SABAH RESILIENT AGAINST ECONOMIC SLOWDOWN
KOTA KINABALU: The global economic slowdown is making its presence felt in Sabah, particularly in the manufacturing sector, but the state will remain resilient buoyed by development projects under the Ninth Malaysia Plan (9MP) and Sabah Development Corridor (SDC).
Head of State Tun Ahmadshah Abdullah said the Sabah manufacturing sector is expected to register slower growth this year with a drop in applications for manufacturing projects.
“There were only 11 applications in the first three months of this year compared to 17 in the same period last year,” he said in his policy address when opening the State Legislative Assembly Sitting yesterday.

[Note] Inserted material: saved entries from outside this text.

(* Let $G$ be a multiplicatively written Abelian group with identity $e$, let $\phi$ be a height on $G$, fix $\alpha\in G$, and let $t\in(0,\infty]$. The following three conditions are equivalent: (i) The infimum in the definition of $\phi_t(\alpha)$ is attained, i.e. there exists $(\alpha_1,\alpha_2,\ldots)\in G^\infty$ with $\tau_G(\alpha_1,\alpha_2,\ldots)=\alpha$ and $\phi_t(\alpha)=\|(\phi(\alpha_1),\phi(\alpha_2),\ldots)\|_t$. (ii) There exists a finite set $R\subseteq G$ (containing $e$) that replaces $G$ at $t$. (iii) There exists a set $S\subseteq G$ (containing $e$) with $\phi(S)$ finite that replaces $G$ at $t$.
   Context: A height on an Abelian group $G$ is a map $\phi:G\to[0,\infty)$ with $\phi(e)=0$ and $\phi(\beta)=\phi(\beta^{-1})$ for all $\beta\in G$. For a subset $S\subseteq G$ containing $e$, $S^\infty$ denotes the set of sequences $(\alpha_1,\alpha_2,\ldots)$ with all $\alpha_n\in S$ and $\alpha_n=e$ for all but finitely many $n$. The map $\tau_G:G^\infty\to G$ is $\tau_G(\alpha_1,\alpha_2,\ldots)=\prod_{n\ge1}\alpha_n$. $\mathbb R^\infty$ denotes the set of real sequences with only finitely many nonzero entries; for $\mathbf x=(x_1,x_2,\ldots)\in\mathbb R^\infty$, $\|\mathbf x\|_t=(\sum_n|x_n|^t)^{1/t}$ for $t\in(0,\infty)$ and $\|\mathbf x\|_\infty=\max_n|x_n|$. The $t$-metric version of $\phi$ is $\phi_t(\alpha)=\inf\{\|(\phi(\alpha_1),\phi(\alpha_2),\ldots)\|_t : (\alpha_1,\alpha_2,\ldots)\in G^\infty,\ \tau_G(\alpha_1,\alpha_2,\ldots)=\alpha\}$. A set $S\subseteq G$ containing $e$ replaces $G$ at $t$ (for the fixed $\alpha$) if $\phi_t(\alpha)=\inf\{\|(\phi(\alpha_1),\phi(\alpha_2),\ldots)\|_t:(\alpha_1,\alpha_2,\ldots)\in S^\infty,\ \tau_G(\alpha_1,\alpha_2,\ldots)=\alpha\}$. *)

From Stdlib Require Import Reals List ClassicalEpsilon.
Open Scope R_scope.

Inductive ext_exp : Type := Fin (t : R) | Infty.

Definition valid_exp (t : ext_exp) : Prop :=
  match t with Fin t => 0 < t | Infty => True end.

Definition rpow (x t : R) : R :=
  if Rle_dec x 0 then 0 else Rpower x t.

(* ||x||_t for a finitely supported real sequence, represented by the list of
   its first entries (all later entries being 0). *)
Definition tnorm (t : ext_exp) (l : list R) : R :=
  match t with
  | Fin t => rpow (fold_right (fun x acc => rpow (Rabs x) t + acc) 0 l) (/ t)
  | Infty => fold_right (fun x acc => Rmax (Rabs x) acc) 0 l
  end.

Record abelian_group (G : Type) (mul : G -> G -> G) (inv : G -> G) (e : G) : Prop := {
  ag_assoc : forall a b c, mul a (mul b c) = mul (mul a b) c;
  ag_comm  : forall a b, mul a b = mul b a;
  ag_idl   : forall a, mul e a = a;
  ag_invl  : forall a, mul (inv a) a = e
}.

Definition is_height {G : Type} (inv : G -> G) (e : G) (phi : G -> R) : Prop :=
  (forall b, 0 <= phi b) /\ phi e = 0 /\ (forall b, phi b = phi (inv b)).

(* tau_G on finitely supported sequences (represented as finite lists). *)
Definition tau {G : Type} (mul : G -> G -> G) (e : G) (l : list G) : G :=
  fold_right mul e l.

Definition is_inf (E : R -> Prop) (m : R) : Prop :=
  (forall x, E x -> m <= x) /\ (forall b, (forall x, E x -> b <= x) -> b <= m).

Definition value_set {G : Type} (mul : G -> G -> G) (e : G) (phi : G -> R)
  (t : ext_exp) (S : G -> Prop) (alpha : G) : R -> Prop :=
  fun v => exists l : list G, Forall S l /\ tau mul e l = alpha /\
                             v = tnorm t (map phi l).

Definition Rinf (E : R -> Prop) : R := epsilon (inhabits 0) (fun m => is_inf E m).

The sector was the third biggest contributor to the state’s gross domestic product in 2006, at 11 per cent, and had an average annual growth of nine per cent between 2002 and 2006.
He was confident projects for the sector planned under the 9MP and SDC that will be implemented over two years from now would be able to stimulate economic growth.

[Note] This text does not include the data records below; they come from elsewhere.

Lemma word_moment_mxE (i j : 'I_d) :
  (mx_adj word_mx *m map_mx (@mpolyC n _) moment_mx *m word_mx) i j =
  phiH_poly L (i + j).
Proof.
pose G (p q : word) : {mpoly (Cx R)[n]} :=
  (if tag p == i then 'X_[s2m (tagged p)] else 0) *
  (moment L (tagged p) (tagged q))%:MP *
  (if tag q == j then 'X_[s2m (tagged q)] else 0).
rewrite -phiH_poly_split mx_adjE mxE.
transitivity (\sum_(t < N) \sum_(s < N) G (enum_val s) (enum_val t)).
  apply: eq_bigr => t _; rewrite mxE big_distrl /=; apply: eq_bigr => s _.
  rewrite !mxE /G; congr (_ * _ * _).
  by case: ifP => _; rewrite ?map_mpolyX ?rmorph0.
have big_word (F : word -> {mpoly (Cx R)[n]}) :
    \sum_(s < N) F (enum_val s) = \sum_(p : word) F p.
  by rewrite -big_enum_val; apply: eq_bigl => p; rewrite inE.
rewrite (big_word (fun q => \sum_(s < N) G (enum_val s) q)).
under eq_bigr do rewrite (big_word (G^~ _)).
rewrite exchange_big /= (@big_sig_tag _ _ _ _ i); last first.
  by move=> p /negbTE pi; apply: big1 => q _; rewrite /G pi !mul0r.
apply: eq_bigr => u _; rewrite (@big_sig_tag _ _ _ _ j); last first.
  by move=> q /negbTE qj; rewrite /G qj mulr0.
apply: eq_bigr => v _.
by rewrite /G /= !eqxx mpolyXD -mul_mpolyC mulrCA mulrA.
Qed.

Lemma moment_sos : exists A : 'M[{mpoly (Cx R)[n]}]_(N, d),
  forall i j : 'I_d, (mx_adj A *m A) i j = phiH_poly L (i + j).
Proof.
have [B BE] := moment_mx_factor.
exists (map_mx (@mpolyC n _) B *m word_mx) => i j.
rewrite mx_adj_mul mx_adj_mpolyC mulmxA -[X in X *m word_mx]mulmxA -map_mxM -BE.
exact: word_moment_mxE.
Qed.

End MomentGram.

Lemma mcoeff_phiH_poly (R : realType) n (L : seq 'I_n -> Cx R) k (a : 'X_{1..n}) :
  (phiH_poly L k)@_a = if mdeg a == k then phi_H L a else 0.
Proof.
rewrite /phiH_poly raddf_sum /=; under eq_bigr do rewrite mcoeffZ mcoeffX.
have [<-|ak] := eqVneq (mdeg a) k.
  rewrite /phi_H [RHS]big_mkcond /=; apply: eq_bigr => w _.
  have -> : [forall i, count_mem i w == a i] = (s2m w == a).
    apply/forallP/eqP => [wa|wa i]; first by apply/mnmP => i; rewrite mnmE; apply/eqP.
    by move/mnmP/(_ i): wa; rewrite mnmE => ->.
  by case: eqP; rewrite ?mulr1 ?mulr0.
apply: big1 => w _; case: eqP => [wa|]; last by rewrite mulr0.
by move: ak; rewrite -wa mdeg_s2m size_tuple eqxx.
Qed.

Lemma poly_eq0_of_vanish (R : numDomainType) (p : {poly R}) :
  (forall t, t != 0 -> p.[t] = 0) -> p = 0.
Proof.
move=> p_vanish; apply/eqP/negPn/negP => p_neq0.
pose rs : seq R := [seq i.+1%:R | i <- iota 0 (size p)].
have rs_roots : all (root p) rs.
  by apply/allP => _ /mapP [i _ ->]; apply/eqP/p_vanish; rewrite pnatr_eq0.
have rs_uniq : uniq rs.
  by rewrite map_inj_uniq ?iota_uniq // => i j /eqP; rewrite eqr_nat => /eqP [].
by have := max_poly_roots p_neq0 rs_roots rs_uniq; rewrite size_map size_iota ltnn.
Qed.

Lemma base_expansion_inj (B : nat) n (f g : 'I_n -> nat) :
  (forall i, f i < B)%N -> (forall i, g i < B)%N ->
  (\sum_i f i * B ^ i = \sum_i g i * B ^ i)%N -> f =1 g.
Proof.
elim: n f g => [|n IH] f g fB gB; first by move=> _ [].
have shift (h : 'I_n.+1 -> nat) : (\sum_i h i * B ^ i =
    h ord0 + (\sum_(i < n) h (lift ord0 i) * B ^ i) * B)%N.
  rewrite big_ord_recl expn0 muln1 big_distrl /=; congr (_ + _)%N.
  by apply: eq_bigr => i _; rewrite /bump /= add1n expnS mulnCA mulnC.
rewrite !shift => E.
have B_gt0 : (0 < B)%N by apply: leq_ltn_trans (fB ord0).
have E0 : f ord0 = g ord0.
  by have := congr1 (modn^~ B) E; rewrite /= ![(_ + _ * B)%N]addnC !modnMDl !modn_small.
have Elift : (\sum_(i < n) f (lift ord0 i) * B ^ i =
               \sum_(i < n) g (lift ord0 i) * B ^ i)%N.
  have := congr1 (divn^~ B) E.
  by rewrite /= ![(_ + _ * B)%N]addnC !divnMDl // !divn_small // !addn0.
move=> i; case: (unliftP ord0 i) => [j ->|-> //].
exact: IH (fun i => f (lift ord0 i)) (fun i => g (lift ord0 i))
  (fun i => fB _) (fun i => gB _) Elift j.
Qed.

Lemma mpoly_eq0_of_vanish (R : numDomainType) n (Q : {mpoly R[n]}) :
  (forall v, Q.@[v] = 0) -> Q = 0.
Proof.
move=> Q_vanish; set B := msize Q.
(* Kronecker substitution x_i := t ^ B ^ i, injective on monomials of degree < B. *)
pose e (m : 'X_{1..n}) := (\sum_i m i * B ^ i)%N.
pose u : {poly R} := \sum_(m <- msupp Q) Q@_m *: 'X^(e m).
have u0 : u = 0.
  apply: poly_eq0_of_vanish => t _; rewrite -(Q_vanish (fun i => t ^+ (B ^ i))).
  rewrite mevalE horner_sum; apply: eq_bigr => m _.
  rewrite hornerZ hornerXn -prodrXr; congr (_ * _); apply: eq_bigr => i _.
  by rewrite -exprM mulnC.
have exps_lt m : m \in msupp Q -> forall i, (m i < B)%N.
  move=> mQ i; apply: leq_ltn_trans (msize_mdeg_lt mQ).
  by rewrite mdegE (bigD1 i) //= leq_addr.
apply/mpolyP => a; rewrite mcoeff0.
have [aQ|/memN_msupp_eq0 //] := boolP (a \in msupp Q).
have := congr1 (coefp (e a)) u0.
rewrite /= coef0 /u coef_sum (bigD1_seq a) ?msupp_uniq //= big1_seq.
  by rewrite coefZ coefXn eqxx mulr1 addr0.
move=> m /andP [ma mQ]; rewrite coefZ coefXn.
have [/esym/(base_expansion_inj (exps_lt _ mQ) (exps_lt _ aQ))/mnmP ema|] :=
  eqVneq (e a) (e m); last by rewrite mulr0.
by rewrite ema eqxx in ma.
Qed.

Lemma mcoeff_pihomog (R : ringType) n k (Q : {mpoly R[n]}) (a : 'X_{1..n}) :
  (pihomog mdeg k Q)@_a = if mdeg a == k then Q@_a else 0.
Proof.
rewrite pihomogE {3}[Q]mpolyE !raddf_sum /= big_mkcond /=.
have [ak|ak] := eqVneq (mdeg a) k; [apply: eq_bigr | apply: big1] => m _;
  rewrite mcoeffZ mcoeffX; have [<-|] := eqVneq a m; rewrite ?ak ?eqxx ?mulr0 ?if_same //.
by rewrite (negbTE ak).
Qed.

Lemma mcoeff_eq0_of_scaling (R : numDomainType) n (Q : {mpoly R[n]}) k :
  (forall a lam, lam != 0 -> Q.@[fun i => lam * a i] = lam ^+ k * Q.@[a]) ->
  forall al : 'X_{1..n}, mdeg al != k -> Q@_al = 0.
Proof.
move=> Q_scale al al_k; have := mcoeff_pihomog (mdeg al) Q al; rewrite eqxx => <-.
suff -> : pihomog mdeg (mdeg al) Q = 0 by rewrite mcoeff0.
apply: mpoly_eq0_of_vanish => a.
(* t |-> Q(t a) is a polynomial equal to Q(a) t^k, so its other coefficients vanish. *)
pose u : {poly R} := \sum_(m <- msupp Q) (Q@_m * \prod_i a i ^+ m i) *: 'X^(mdeg m).
have u_homog : u = Q.@[a] *: 'X^k.
  apply/subr0_eq/poly_eq0_of_vanish => t t0.
  rewrite hornerD hornerN hornerZ hornerXn mulrC -Q_scale // mevalE horner_sum; apply/eqP; rewrite subr_eq0.
  apply/eqP/eq_bigr => m _; rewrite hornerZ hornerXn -mulrA; congr (_ * _).
  by rewrite mdegE -prodrXr -big_split /=; apply: eq_bigr => i _; rewrite exprMn mulrC.
have := congr1 (coefp (mdeg al)) u_homog.
rewrite /= coefZ coefXn (negbTE al_k) mulr0 /u coef_sum => <-.
rewrite pihomogE raddf_sum big_mkcond /=; apply: eq_bigr => m _.
rewrite coefZ coefXn eq_sym; case: eqP => _; last by rewrite mulr0.
by rewrite mulr1 mevalZ mevalX.
Qed.

Lemma cRE (R : realType) (x : R) : cR x = real_complex R x.
Proof. by []. Qed.

Lemma is_root_list_prod (C : idomainType) (q : {poly C}) (c : C) (s : seq C) :
  q = c *: \prod_(z <- s) ('X - z%:P) -> is_root_list q s.
Proof.
move=> qE; rewrite /is_root_list {2}qE lead_coefZ.
by rewrite (monicP (monic_prod_XsubC _ _ _)) mulr1.
Qed.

One such project is the Sepanggar SME Park near the Kota Kinabalu Industrial Park which will be developed into a food industry hub.
The state government through the state Economic Planning Unit and state Industrial Development Ministry is working with the Halal Development Corporation in developing the Sepanggar SME Park.
Another sector that would be affected is tourism, although only slightly, with a marginal decrease of three per cent in tourist arrival this year from the 701,198 recorded last year.
Revenue from tourism is therefore expected to decline to RM3.90 billion this year from RM4.09 billion last year.
Ahmadshah said the slight drop is due to various tourism attractions available in Sabah that offer tourists value for their money.
Being one of the main economic generators for Sabah, he said the tourism sector will remain an integral part in the state’s development plan.
It will be enhanced through effective management and development of valued-added tourism products and aggressive marketing.
Focus will be given on providing the necessary infrastructure and logistic network as well as high quality human capital to support the growth of the industry.
In addition, he said the state government, through strategic partnership with the private sector, would take integrated measures to ensure sufficient five-star accommodation in Sabah.
To complement these measures, Ahmadshah said it is vital for the public sector, corporate bodies and the general public to support the effort by helping to create a clean, comfortable and friendly environment.
Despite the drop in tourist arrival, Sabah showed an increase in MICE activity with participants growing from 41,000 in 2007 to 57,000 last year, representing a staggering growth of 40 per cent. MICE is an acronym for Meetings, Incentives, Conventions and Exhibitions.
The oil palm industry in Sabah remains lucrative with prices of crude palm oil (CPO) expected to remain stable.
“With prices between RM1,800 to RM2,000 per metric tonne, the drop in the export of CPO is not that significant,” Ahmadshah said.
Sabah’s main export destinations such as China and India were still forecasting high economic growth of between five to six per cent.
The move by India to reduce import duties on CPO was also a good sign for the state’s CPO export and oil palm industry.
He noted that Sabah’s total trade value of RM17.2 billion for Jan to Nov last year was still showing positive growth compared to the RM6.3 billion recorded for the same period in 2007.
The import and export value, however, started to decrease in November last year.
Similar to other nations, he said investment and private sector activities in Sabah will not show significant growth as investors were still adopting a wait-and-see approach in view of the global economic uncertainty.
The newly announced RM60 billion stimulus package however, will be able to boost investor confidence, he said.
Sabah also managed to avoid any serious retrenchment of workers with statistics from the State Manpower Department showing 324 people from 41 companies in the manufacturing, agriculture, hotel and restaurant sectors laid off between August last year and March this year.
Only 244 employees from three companies suffered pay cuts.
The assembly was adjourned to Monday.